Find the probability that there are only or exactly 4 consecutive heads in 7 tosses. In my previous edit, I asked whether the case, e.g. $HHHHTHH$ (4 consecutive heads and 2 consecutive heads) is possible regarding the question, "Find the probability that there are only 4 consecutive heads in 7 tosses."
Now, I would like to ask more about whether the case as stated above can be applied to the following one, "Find the probability that there are exactly consecutive heads in 7 tosses."
In my opinion, this case should not be possible since the word 'only' or even 'exactly' has restricted the case to have just 4 consecutive heads. Am I right?
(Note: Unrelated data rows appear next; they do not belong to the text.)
(* Let $\Gamma$ be a $C^2$ curve with arc-length parametrization $\boldsymbol X(s)$ satisfying $\boldsymbol X(0)=\boldsymbol 0$ and $\partial_s\boldsymbol X(0)=(1,0)^T$, with unit normal field $\boldsymbol n$, and fix $\lambda\ge0$. For $R>0$ let $\mathcal O$ be the disc of radius $R$ centered at $\boldsymbol 0$ and choose collocation points $\boldsymbol q^{(1)}_k=\boldsymbol X(\eta^{(1)}_kR)$, $k=1,2,3$, with $\eta^{(1)}_k$ distinct; $\boldsymbol q^{(2)}_k=\boldsymbol X(\eta^{(2)}_kR)$, $k=1,2$, with $\eta^{(2)}_1\neq\eta^{(2)}_2$; $\boldsymbol q^{(3)}=\boldsymbol X(\eta^{(3)}R)$; and $\boldsymbol q^{(4)}_k=R\boldsymbol\xi_k$, $k=1,2,3$, with $\boldsymbol\xi_1,\boldsymbol\xi_2,\boldsymbol\xi_3$ non-collinear, where all constants $\eta^{(d)}_k,\boldsymbol\xi_k$ are independent of $R$ and all points lie in $\mathcal O$. Then there exists $R_0>0$ such that for all $R\le R_0$ the $15\times15$ collocation matrix $\boldsymbol M=\boldsymbol M(R)$ defined in the context is invertible and $\|\boldsymbol M^{-1}\|_\infty$ is bounded uniformly in $R\in(0,R_0]$.
   Context: Let $\phi_1=1,\phi_2=x,\phi_3=y,\phi_4=x^2,\phi_5=y^2,\phi_6=xy$. Unknowns are $\boldsymbol c_1,\dots,\boldsymbol c_6\in\mathbb R^2$ (components $c_j^{(1)},c_j^{(2)}$) and $d_1,d_2,d_3\in\mathbb R$, i.e. a vector in $\mathbb R^{15}$, representing $\hat{\boldsymbol v}(\boldsymbol x)=\sum_{j=1}^6\boldsymbol c_j\phi_j(\boldsymbol x/R)$, $\hat q(\boldsymbol x)=\sum_{j=1}^3\frac{d_j}{R}\phi_j(\boldsymbol x/R)$. The matrix $\boldsymbol M$ is the matrix of the linear map sending the unknowns to the 15 quantities: (i) for $k=1,2,3$: $\sum_{j=1}^6\phi_j(\boldsymbol q^{(1)}_k/R)\boldsymbol c_j\in\mathbb R^2$; (ii) for $k=1,2$: $\sum_{j=1}^6\big(\boldsymbol c_j\nabla\phi_j^T+\nabla\phi_j\boldsymbol c_j^T\big)(\boldsymbol q^{(2)}_k/R)\,\boldsymbol n(\boldsymbol q^{(2)}_k)-\sum_{j=1}^3d_j\phi_j(\boldsymbol q^{(2)}_k/R)\boldsymbol n(\boldsymbol q^{(2)}_k)\in\mathbb R^2$; (iii) $\sum_{j=1}^6\big((\Delta-\lambda)\phi_j\big)(\boldsymbol q^{(3)}/R)\,\boldsymbol c_j-\sum_{j=1}^3\nabla\phi_j(\boldsymbol q^{(3)}/R)\,d_j\in\mathbb R^2$; (iv) for $k=1,2,3$: $\sum_{j=1}^6\big(\partial_x\phi_j\,c_j^{(1)}+\partial_y\phi_j\,c_j^{(2)}\big)(\boldsymbol q^{(4)}_k/R)\in\mathbb R$ (with a fixed ordering of rows and columns). $\|\cdot\|_\infty$ is the maximum-row-sum matrix norm. These encode collocation of the Dirichlet condition, traction condition, Brinkman momentum equation and divergence-free condition for a local Cauchy problem on $\Gamma\cap\mathcal O$. *)

From mathcomp Require Import all_boot all_order all_algebra.
From mathcomp Require Import all_classical all_reals all_analysis.
Import Order.TTheory GRing.Theory Num.Theory.
Import numFieldNormedType.Exports.
Local Open Scope ring_scope.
 A: Both formulations are not entirely clear. It’s possible to arrive at a most plausible interpretation, but only by eliminating other possible interpretations as less plausible.
The problem is that it’s not clear which other possibilities “only” or “exactly” is meant to exclude. This could be further tosses in the same run, further runs with as many consecutive tosses, or even, as you seem to have interpreted it, further consecutive tosses, even in shorter runs.
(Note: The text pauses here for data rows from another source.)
Lemma XvecE (i : 'I_(T - 1)) (j : 'I_T) : X i j 0 = (i < j)%:R.
Proof. by rewrite mxE. Qed.

Lemma Xvec_sqr (i : 'I_(T - 1)) (j : 'I_T) : X i j 0 * X i j 0 = X i j 0.
Proof. by rewrite mxE; case: (i < j)%N; rewrite ?mulr1 ?mulr0. Qed.

Lemma Xvec_cluster_sum (j : 'I_T) : Xs j 0 = j%:R.
Proof.
rewrite summxE.
under eq_bigr => i _ do rewrite mxE -[(_ < _)%:R]mulr1.
rewrite (@sum_ord_indicator_lt R (T - 1) j (fun _ => 1)); last by have := ltn_ord j; lia.
by rewrite sumr_const card_ord.
Qed.

Lemma Xvec_period_sum (i : 'I_(T - 1)) : \sum_(j < T) X i j 0 = T%:R - 1 - i%:R.
Proof.
have -> : \sum_(j < T) X i j 0 = \sum_(j < T) (1 - (j < i.+1)%:R * 1).
  apply: eq_bigr => j _; rewrite mxE mulr1 ltnS ltnNge.
  by case: (j <= i)%N; rewrite ?subr0 ?subrr.
rewrite sumrB sumr_const card_ord (@sum_ord_indicator_lt R T i.+1 (fun _ => 1)).
  by rewrite sumr_const card_ord -natr1; ring.
by have := ltn_ord i; lia.
Qed.

Lemma Zmat_mulE (i : 'I_(T - 1)) (delta : 'cV[R]_(T - 1)) (j : 'I_T) :
  (Zmat R i *m delta) j 0 = \sum_(e < T - 1) ((j == (i + e.+1)%N :> nat)%:R * delta e 0).
Proof.
rewrite mxE; apply: eq_bigr => e _; rewrite mxE /expo.
by congr (_%:R * _); apply/eqP/eqP; lia.
Qed.

(* Cluster i has exposure time e+1 exactly in period i+e+1, if that period exists. *)
Lemma sum_period_Zmat (i : 'I_(T - 1)) (delta : 'cV[R]_(T - 1)) (F : nat -> R) :
  \sum_(j < T) F j * (Zmat R i *m delta) j 0 =
  \sum_(e < T - 1) delta e 0 * ((i + e.+1 < T)%:R * F (i + e.+1)%N).
Proof.
under eq_bigr => j _ do rewrite Zmat_mulE mulr_sumr.
rewrite exchange_big /=; apply: eq_bigr => e _.
rewrite -(sum_ord_indicator_eq T (i + e.+1) F) mulr_sumr; apply: eq_bigr => j _.
by ring.
Qed.

Lemma theta_num_shift (W : 'M[R]_T) (beta : 'cV[R]_T) (z : 'I_(T - 1) -> 'cV[R]_T) :
  (1 < T)%N ->
  theta_num W (fun i => beta + z i) =
  \sum_i (bform W (X i) (z i) - bform W Xs (z i) / (T - 1)%:R).
Proof.
move=> T_gt1; have T1_neq0 : (T - 1)%:R != 0 :> R by rewrite pnatr_eq0 -lt0n subn_gt0.
rewrite /theta_num sumrB -mulr_suml -bform_sumr.
under eq_bigr do rewrite bformDr.
rewrite big_split /= -bform_suml big_split /= sumr_const card_ord -scaler_nat.
by rewrite bformDr bformZr; field.
Qed.

Section CompoundSymmetricWeight.
Variable b : R.
Local Notation W0 := (1%:M - b *: const_mx 1 : 'M[R]_T).
Hypothesis T_gt1 : (1 < T)%N.

Let T1E : (T - 1)%:R = T%:R - 1 :> R.
Proof. by rewrite natrB // ltnW. Qed.

Let T1_neq0 : T%:R - 1 != 0 :> R.
Proof. by rewrite -T1E pnatr_eq0 -lt0n subn_gt0. Qed.

Lemma theta_num_Xvec : theta_num W0 X = T%:R * (T%:R - 2) * (2 + b - b * T%:R) / 12.
Proof.
transitivity (\sum_(i < T - 1) ((T%:R - 1) - b * (T%:R - 1) ^+ 2
   + (-1 + 2 * b * (T%:R - 1)) * i%:R + (- b) * i%:R ^+ 2)
   - bform W0 Xs Xs / (T - 1)%:R).
  congr (_ - _); apply: eq_bigr => i _.
  rewrite bform_compound.
  under eq_bigr do rewrite Xvec_sqr.
  by rewrite Xvec_period_sum; ring.
rewrite sumr_ord_quadratic bform_compound.
under eq_bigr do rewrite Xvec_cluster_sum -expr2.
under [X in X * X]eq_bigr do rewrite Xvec_cluster_sum.
by rewrite sumr_ord_natr_sqr sumr_ord_natr T1E; field.
Qed.

Definition cluster_weight (i e : nat) : R :=
  1 - b * (T%:R - 1 - i%:R) - (i%:R + e%:R + 1) / (T%:R - 1) + b * T%:R / 2.

Lemma theta_num_cluster (delta : 'cV[R]_(T - 1)) (i : 'I_(T - 1)) :
  bform W0 (X i) (Zmat R i *m delta) - bform W0 Xs (Zmat R i *m delta) / (T - 1)%:R =
  \sum_(e < T - 1) delta e 0 * ((i + e.+1 < T)%:R * cluster_weight i e).
Proof.
rewrite !bform_compound Xvec_period_sum; set z := Zmat R i *m delta.
rewrite [\sum_j Xs j 0 * _](eq_bigr (fun j : 'I_T => j%:R * z j 0)); last first.
  by move=> j _; rewrite Xvec_cluster_sum.
rewrite [\sum_j Xs j 0](eq_bigr (fun j : 'I_T => j%:R)); last first.
  by move=> j _; rewrite Xvec_cluster_sum.
rewrite [\sum_j X i j 0 * _](eq_bigr (fun j : 'I_T => (i < j)%:R * z j 0)); last first.
  by move=> j _; rewrite XvecE.
rewrite [\sum_j z j 0](eq_bigr (fun j : 'I_T => 1 * z j 0)); last first.
  by move=> j _; rewrite mul1r.
rewrite /z (sum_period_Zmat i delta (fun j => (i < j)%:R)).
rewrite (sum_period_Zmat i delta (fun _ => 1)) sum_period_Zmat sumr_ord_natr.
set A := \sum_(e < T - 1) _ * (_ * 1).
have -> : \sum_(e < T - 1) delta e 0 * ((i + e.+1 < T)%:R * (i < i + e.+1)%:R) = A.
  by apply: eq_bigr => e _; rewrite addnS ltnS leq_addr.
set H := \sum_(e < T - 1) _ * (_ * (_ + _)%:R).
have -> : A - b * ((T%:R - 1 - i%:R) * A)
    - (H - b * (T%:R * (T%:R - 1) / 2 * A)) / (T - 1)%:R =
    (1 - b * (T%:R - 1 - i%:R) + b * T%:R / 2) * A - (T%:R - 1)^-1 * H.
  by rewrite T1E; field.
rewrite /A /H !big_distrr -sumrB; apply: eq_bigr => e _ /=.
by rewrite /cluster_weight -addnS natrD -natr1; field.
Qed.

Lemma sum_cluster_weight (e : 'I_(T - 1)) :
  \sum_(i < T - 1) ((i + e.+1 < T)%:R * cluster_weight i e) =
  wcoef T b e.+1 / (2 * (T%:R - 1)).
Proof.
have e_lt := ltn_ord e.
have indE (i : nat) : (i + e.+1 < T)%N = (i < T - e.+1)%N by lia.
under eq_bigr => i _ do rewrite indE.
rewrite (@sum_ord_indicator_lt R (T - 1) (T - e.+1) (fun i => cluster_weight i e));
  last by lia.
transitivity (\sum_(i < T - e.+1)
   ((1 - b * (T%:R - 1) - (e%:R + 1) / (T%:R - 1) + b * T%:R / 2)
   + (b - 1 / (T%:R - 1)) * i%:R)).
  by apply: eq_bigr => i _; rewrite /cluster_weight; ring.
rewrite sumr_ord_affine natrB; last by lia.
by rewrite /wcoef -natr1; field.
Qed.

Lemma theta_num_Zmat (beta : 'cV[R]_T) (delta : 'cV[R]_(T - 1)) :
  theta_num W0 (fun i => beta + Zmat R i *m delta) =
  (\sum_(j < T - 1) wcoef T b j.+1 * delta j 0) / (2 * (T%:R - 1)).
Proof.
rewrite theta_num_shift // (eq_bigr _ (fun i _ => theta_num_cluster delta i)).
rewrite exchange_big /= mulr_suml; apply: eq_bigr => e _.
by rewrite -mulr_sumr sum_cluster_weight mulrCA mulrA.
Qed.

End CompoundSymmetricWeight.

End SteppedWedge.

Lemma Sigma_mul_inv (R : realType) (T : nat) (sa2 se2 : R) (n : nat) :
  (0 < n)%N -> 0 <= sa2 -> 0 < se2 ->
  Sigma T sa2 se2 n *m ((se2 / n%:R)^-1 *: (1%:M - bcoef T sa2 se2 n *: const_mx 1)) = 1%:M.
Proof.
move=> n_gt0 sa2_ge0 se2_gt0; have s_gt0 : 0 < se2 / n%:R by rewrite divr_gt0 ?ltr0n.
by apply: compound_symmetry_inv; rewrite gt_eqF // ltr_wpDl // mulr_ge0.
Qed.

Lemma theta_hat_stepped_wedge (R : realType) (T : nat) (sa2 se2 : R) (n : nat)
    (beta : 'cV[R]_T) (delta : 'cV[R]_(T - 1)) :
  (3 <= T)%N -> (0 < n)%N -> 0 <= sa2 -> 0 < se2 ->
  2 + bcoef T sa2 se2 n - bcoef T sa2 se2 n * T%:R != 0 ->
  theta_hat (Sigma T sa2 se2 n) (fun i => beta + Zmat R i *m delta) =
  (6 * \sum_(j < T - 1) wcoef T (bcoef T sa2 se2 n) j.+1 * delta j 0)
    / (T%:R * (T%:R - 1) * (T%:R - 2) * (2 + bcoef T sa2 se2 n - bcoef T sa2 se2 n * T%:R)).
Proof.
move=> T_ge3 n_gt0 sa2_ge0 se2_gt0.
have := Sigma_mul_inv T n_gt0 sa2_ge0 se2_gt0.
set S := Sigma T sa2 se2 n; set s := se2 / n%:R; set b := bcoef T sa2 se2 n => SW b_neq0.
have S_unit := (mulmx1_unit SW).1.
have invS : invmx S = s^-1 *: (1%:M - b *: const_mx 1).
  by rewrite -[RHS](mulKmx S_unit) SW mulmx1.
have T_gt1 : (1 < T)%N by apply: ltnW.
have s_neq0 : s != 0 by rewrite gt_eqF // divr_gt0 ?ltr0n.
have T_neq0 : T%:R != 0 :> R by rewrite pnatr_eq0 -lt0n ltnW.
have T1_neq0 : T%:R - 1 != 0 :> R.
  by rewrite -(@natrB R T 1) ?pnatr_eq0 ?subn_eq0 -?ltnNge // ltnW.
have T2_neq0 : T%:R - 2 != 0 :> R.
  by rewrite -(@natrB R T 2) ?pnatr_eq0 ?subn_eq0 -?ltnNge // ltnW.
have den_neq0 : theta_num (invmx S) (Xvec R (T:=T)) != 0.
  by rewrite invS theta_num_scale theta_num_Xvec // !mulf_neq0 ?invr_neq0 // pnatr_eq0.
rewrite (theta_hat_profile T_gt1 S_unit den_neq0) invS !theta_num_scale.
rewrite theta_num_Zmat // theta_num_Xvec //.
by field; rewrite s_neq0 T_neq0 T1_neq0 T2_neq0 b_neq0.
Qed.

Lemma expectation_lincomb (R : realType) (d : measure_display) (Omega : measurableType d)
    (P : probability Omega R) (I : Type) (s : seq I) (c : I -> R)
    (X : I -> Omega -> R) (e : I -> R) :
  (forall i, X i \in Lfun P 1) -> (forall i, ('E_P[X i] = (e i)%:E)%E) ->
  ('E_P[fun w => (\sum_(i <- s) c i * X i w)%R] = (\sum_(i <- s) c i * e i)%:E)%E.
Proof.
move=> X_L1 EX; elim: s => [|a s IH].
  by under eq_fun do rewrite big_nil; rewrite big_nil expectation_cst.
have sum_L1 : (fun w => \sum_(i <- s) c i * X i w) \in Lfun P 1.
  rewrite (_ : (fun w => _) = \sum_(i <- s) (c i *: X i)); last by rewrite fct_sumE.
  by apply: rpred_sum => i _; apply: rpredZ.
have a_L1 : c a \o* X a \in Lfun P 1.
  by rewrite (_ : c a \o* X a = c a *: X a) ?rpredZ //; apply/funext => w /=; rewrite mulrC.
rewrite (_ : (fun w => _) = (c a \o* X a) \+ fun w => \sum_(i <- s) c i * X i w); last first.
  by apply/funext => w; rewrite big_cons /= mulrC.
by rewrite expectationD // IH expectationZl // EX big_cons -EFinM -EFinD.
Qed.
A clue to the most plausible interpretation lies in looking closely at how the phrase “$4$ consecutive tosses” is conventionally used. If we take it literally, we’d have to construe “consecutive” as a property of heads. Possible candidates for this property might be that a heads is “consecutive” if it is preceded or followed by heads, or that it is “consecutive” if it is preceded by heads. In the former case, HHTHH would be an instance of $4$ consecutive heads, and in the latter case HHHHHwould be an instance, whereas HHHH wouldn’t. This is clearly not how the phrase “$4$ consecutive heads” is conventionally used.
So if “consecutive” isn’t a property of individual heads, perhaps we can interpret it to refer to pairs of consecutive heads. But that doesn’t work either, since “$4$ pairs of consecutive heads” would include HHTHHTHHTHH, which is clearly also not how “$4$ consecutive heads” is conventionally used.
Rather “4 consecutive heads” is conventionally used to mean “a run of $4$ consecutive heads”. This is also how you seem to be interpreting it, as you have a run of $4$ consecutive heads in your example HHHHTHH. (Incidentally, that example also has exactly $4$ pairs of consecutive heads.)
But if “$4$ consecutive heads” is short for “a run of $4$ consecutive heads”, then “only/exactly $4$ consecutive heads” should be short for “a run of only/exactly $4$ consecutive heads”. That would speak in favour of interpreting “only/exactly” as limiting the number of consecutive heads in a run. Then “there are only/exactly $4$ consecutive heads“ could be taken to mean “there is a run of only/exactly $4$ consecutive heads”. If so, HHHHTHH would qualify.
All this is, of course, merely a speculative attempt at clarifying what is unclear. As has been stated in the comments, if possible it would be best to ask the author to clarify.